• [REQUIREMENT]: Your response should consist solely of the lines from the one containing "rewrite (reindex _ (onW_bij _ rcons_bij)) /=." through the end of the data, copied exactly.

• [DATASET CONTENT]:
(* Consider single-shot measurement learning (SSML) as described in the context, with unchanged halting rule (halt when the recorded consecutive-success counter reaches $M_H$), where the recorded labels are corrupted according to either the binary-symmetric noise model or the false-negative noise model with parameter $q>0$. Then the halting time $T$ satisfies $$\mathbb{E}[T]\ge\mathbb{E}\big[X_{M_H}(1-q)\big]=\frac{1-(1-q)^{M_H}}{q(1-q)^{M_H}}.$$ In particular, for $qM_H\gg1$, $\mathbb{E}[T]\gtrsim\frac{1}{q}e^{qM_H}$.
   Context: Let $d\ge2$, $\mathcal{H}=\mathbb{C}^d$, $|\psi_\tau\rangle$ an unknown pure state available in arbitrarily many copies, $\{\hat U(\mathbf{p}):\mathbf{p}\in\mathcal{P}\subset\mathbb{R}^m\}$ a family of unitaries, $|f\rangle$ a fixed fiducial state, $F(\mathbf{p})=|\langle f|\hat U(\mathbf{p})|\psi_\tau\rangle|^2$. SSML with $\alpha,\beta>0$ and threshold $M_H\in\mathbb{N}$: at step $n$ a fresh copy is transformed by $\hat U(\mathbf{p}^{(n)})$ and measured with $\{|f\rangle\langle f|,\mathbb{1}-|f\rangle\langle f|\}$, producing a true outcome $y_n\in\{s,u\}$ with $\mathbb{P}(y_n=s\mid\text{past})=F(\mathbf{p}^{(n)})$. The controller only sees a recorded label $m_n\in\{s,u\}$. If $m_n=s$, the counter is incremented, $M_S^{(n)}=M_S^{(n-1)}+1$, and $\mathbf{p}^{(n+1)}=\mathbf{p}^{(n)}$; if $m_n=u$, $M_S^{(n)}=0$ and $\mathbf{p}^{(n+1)}=\mathbf{p}^{(n)}+\alpha(M_S^{(n-1)}+1)^{-\beta}\mathbf{r}_n$ with $\mathbf{r}_n$ a random direction. The halting time is $T=\inf\{n\ge1:M_S^{(n)}=M_H\}$. Binary-symmetric noise (parameter $q\in(0,1/2)$): $\mathbb{P}(m_n\ne y_n)=q$, independently across steps and of all other randomness conditionally on the true label. False-negative noise (parameter $q\in(0,1)$): $\mathbb{P}(m_n=u\mid y_n=s)=q$, $\mathbb{P}(m_n=s\mid y_n=s)=1-q$, $\mathbb{P}(m_n=u\mid y_n=u)=1$, independently across steps. For $p\in(0,1)$ and $k\in\mathbb{N}$, $X_k(p)$ is the waiting time until the first occurrence of $k$ consecutive successes in an i.i.d. Bernoulli$(p)$ sequence. *)

From mathcomp Require Import all_boot all_order all_algebra.
From mathcomp Require Import all_classical all_reals all_analysis.
From mathcomp Require Import complex.
Set Implicit Arguments. Unset Strict Implicit. Unset Printing Implicit Defensive.
Import Order.TTheory GRing.Theory Num.Theory.
Local Open Scope classical_set_scope.
Local Open Scope ring_scope.

Section Quantum.
Variable R : realType.

Definition cnorm2 (z : R[i]) : R := complex.Re z ^+ 2 + complex.Im z ^+ 2.

Definition adjmx (m n : nat) (A : 'M[R[i]]_(m, n)) : 'M[R[i]]_(n, m) :=
  (map_mx (@conjc R) A)^T.

Definition unitary (d : nat) (U : 'M[R[i]]_d) : Prop := U *m adjmx U = 1%:M.

Definition unit_state (d : nat) (v : 'cV[R[i]]_d) : Prop := adjmx v *m v = 1%:M.

Definition fidelity (d : nat) (f : 'cV[R[i]]_d) (U : 'M[R[i]]_d)
  (psi : 'cV[R[i]]_d) : R := cnorm2 ((adjmx f *m U *m psi) 0 0).
End Quantum.

(* ---------- consecutive-success counter (true = s, false = u) ---------- *)
Definition runc (s : seq bool) : nat :=
  foldl (fun c (b : bool) => if b then c.+1 else 0%N) 0%N s.

(* M_S^(n) for the label sequence ms (labels indexed from 1) *)
Definition counter (ms : nat -> bool) (n : nat) : nat :=
  runc [seq ms i | i <- iota 1 n].

Section Halting.
Variable R : realType.
(* T = inf { n >= 1 | M_S^(n) = M_H }  (= +oo if the set is empty) *)
Definition halting_time (MH : nat) (ms : nat -> bool) : \bar R :=
  ereal_inf [set ((n%:R : R)%:E) | n in [set n | (1 <= n)%N /\ counter ms n = MH]].
End Halting.

Section Waiting.
Variable R : realType.
Definition first_hit (k : nat) (w : seq bool) : bool :=
  (runc w == k) && [forall j : 'I_(size w), runc (take j w) != k].

Definition word_prob (p : R) (n : nat) (w : n.-tuple bool) : R :=
  \prod_(i < n) (if tnth w i then p else 1 - p).

Definition pX (k : nat) (p : R) (n : nat) : R :=
  \sum_(w : n.-tuple bool | first_hit k w) word_prob p w.

Definition EX (k : nat) (p : R) : \bar R :=
  (\sum_(n <oo) ((n%:R * pX k p n)%:E))%E.
End Waiting.

Section Filt.
Context {dsp : measure_display} {Omega : measurableType dsp}.

Definition is_filtration (G : nat -> set (set Omega)) : Prop :=
  forall n, sigma_algebra setT (G n) /\ G n `<=` measurable /\ G n `<=` G n.+1.

Definition G_measurable_fun (R : realType) (G : set (set Omega)) (f : Omega -> R) : Prop :=
  forall B : set R, measurable B -> G (f @^-1` B).
End Filt.

Section Noise.
Context {R : realType} {dsp : measure_display} {Omega : measurableType dsp}.
Variables (P : probability Omega R) (G : nat -> set (set Omega))
          (y m : nat -> Omega -> bool) (q : R).

(* P(m_n <> y_n | past, y_n) = q *)
Definition bsc_noise : Prop :=
  forall n, (1 <= n)%N -> forall A, G n.-1 A -> forall b : bool,
    P (A `&` [set w | y n w = b] `&` [set w | m n w != y n w]) =
    (q%:E * P (A `&` [set w | y n w = b]))%E.

(* P(m_n = u | past, y_n = s) = q ,  P(m_n = u | y_n = u) = 1 *)
Definition fn_noise : Prop :=
  forall n, (1 <= n)%N ->
    (forall A, G n.-1 A ->
      P (A `&` [set w | y n w] `&` [set w | ~~ m n w]) =
      (q%:E * P (A `&` [set w | y n w]))%E) /\
    P ([set w | ~~ y n w] `&` [set w | m n w]) = 0%E.
End Noise.

(** Every recorded label is a failure with conditional probability at least [q]
    given the past: for the binary-symmetric channel because [q <= 1/2], for false
    negatives trivially.  Nothing else about the quantum model or the parameter
    updates is used.  Let [h c = ((1-q)^-k - (1-q)^-c) / q] be the expected time a
    Bernoulli(1-q) sequence needs to complete a run of [k] successes when its
    current run has length [c]; it solves [h c = 1 + (1-q) h (c+1) + q h 0] with
    [h k = 0].  Hence [Phi n = sum_(j < n) P(T > j) + E[h (M_S^(n)); T > n]] is
    nondecreasing along the recorded labels, and constant for i.i.d. Bernoulli(1-q)
    labels.  Constancy gives [E[X_k(1-q)] = h 0], which is the closed form;
    monotonicity gives [sum_(j < n) P(T > j) >= h 0 * (1 - P(T > n))], and since
    these partial sums are bounded by [E[T]] when it is finite, [P(T > n)] gets
    small and [E[T] >= h 0]. *)

From mathcomp Require Import all_boot all_order all_algebra.
From mathcomp Require Import all_classical all_reals all_analysis.
From mathcomp Require Import complex.
From mathcomp.algebra_tactics Require Import ring lra.
From mathcomp Require Import zify.
Set Implicit Arguments. Unset Strict Implicit. Unset Printing Implicit Defensive.
Import Order.TTheory GRing.Theory Num.Theory.
Local Open Scope classical_set_scope.
Local Open Scope ring_scope.

Lemma sum_tupleS (V : nmodType) n (F : n.+1.-tuple bool -> V) :
  \sum_(w : n.+1.-tuple bool) F w =
  \sum_(w : n.-tuple bool) (F (rcons_tuple w true) + F (rcons_tuple w false)).
Proof.
have rcons_bij : bijective (fun wb : n.-tuple bool * bool => rcons_tuple wb.1 wb.2).
  apply: inj_card_bij; last by rewrite card_prod !card_tuple card_bool expnSr.
  by move=> [w b] [w' b'] /(congr1 val)/rcons_inj [/val_inj -> ->].
rewrite (reindex _ (onW_bij _ rcons_bij)) /=.
rewrite -(pair_big xpredT xpredT (fun w b => F (rcons_tuple w b))) /=.
by apply: eq_bigr => w _; rewrite big_bool.
Qed.

Lemma runc_rcons s b : runc (rcons s b) = if b then (runc s).+1 else 0%N.
Proof. by rewrite /runc foldl_rcons. Qed.

Lemma counterS ms n : counter ms n.+1 = if ms n.+1 then (counter ms n).+1 else 0%N.
Proof.
by rewrite /counter -[n.+1]addn1 iotaD map_cat /runc foldl_cat add1n /= addn1.
Qed.

Definition no_run k s := all (fun j => runc (take j s) != k) (iota 0 (size s).+1).

Lemma no_run_rcons k s b :
  no_run k (rcons s b) = no_run k s && (runc (rcons s b) != k).
Proof.
rewrite /no_run size_rcons -addn1 iotaD all_cat add0n all_seq1 take_oversize ?size_rcons //.
congr (_ && _); apply: eq_in_all => j; rewrite mem_iota ltnS => /andP [_ le_js].
by rewrite -cats1 takel_cat.
Qed.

• [ANSWER AREA]:
rewrite (reindex _ (onW_bij _ rcons_bij)) /=.
rewrite -(pair_big xpredT xpredT (fun w b => F (rcons_tuple w b))) /=.
by apply: eq_bigr => w _; rewrite big_bool.
Qed.

Lemma runc_rcons s b : runc (rcons s b) = if b then (runc s).+1 else 0%N.
Proof. by rewrite /runc foldl_rcons. Qed.

Lemma counterS ms n : counter ms n.+1 = if ms n.+1 then (counter ms n).+1 else 0%N.
Proof.
by rewrite /counter -[n.+1]addn1 iotaD map_cat /runc foldl_cat add1n /= addn1.
Qed.

Definition no_run k s := all (fun j => runc (take j s) != k) (iota 0 (size s).+1).

Lemma no_run_rcons k s b :
  no_run k (rcons s b) = no_run k s && (runc (rcons s b) != k).
Proof.
rewrite /no_run size_rcons -addn1 iotaD all_cat add0n all_seq1 take_oversize ?size_rcons //.
congr (_ && _); apply: eq_in_all => j; rewrite mem_iota ltnS => /andP [_ le_js].
by rewrite -cats1 takel_cat.
Qed.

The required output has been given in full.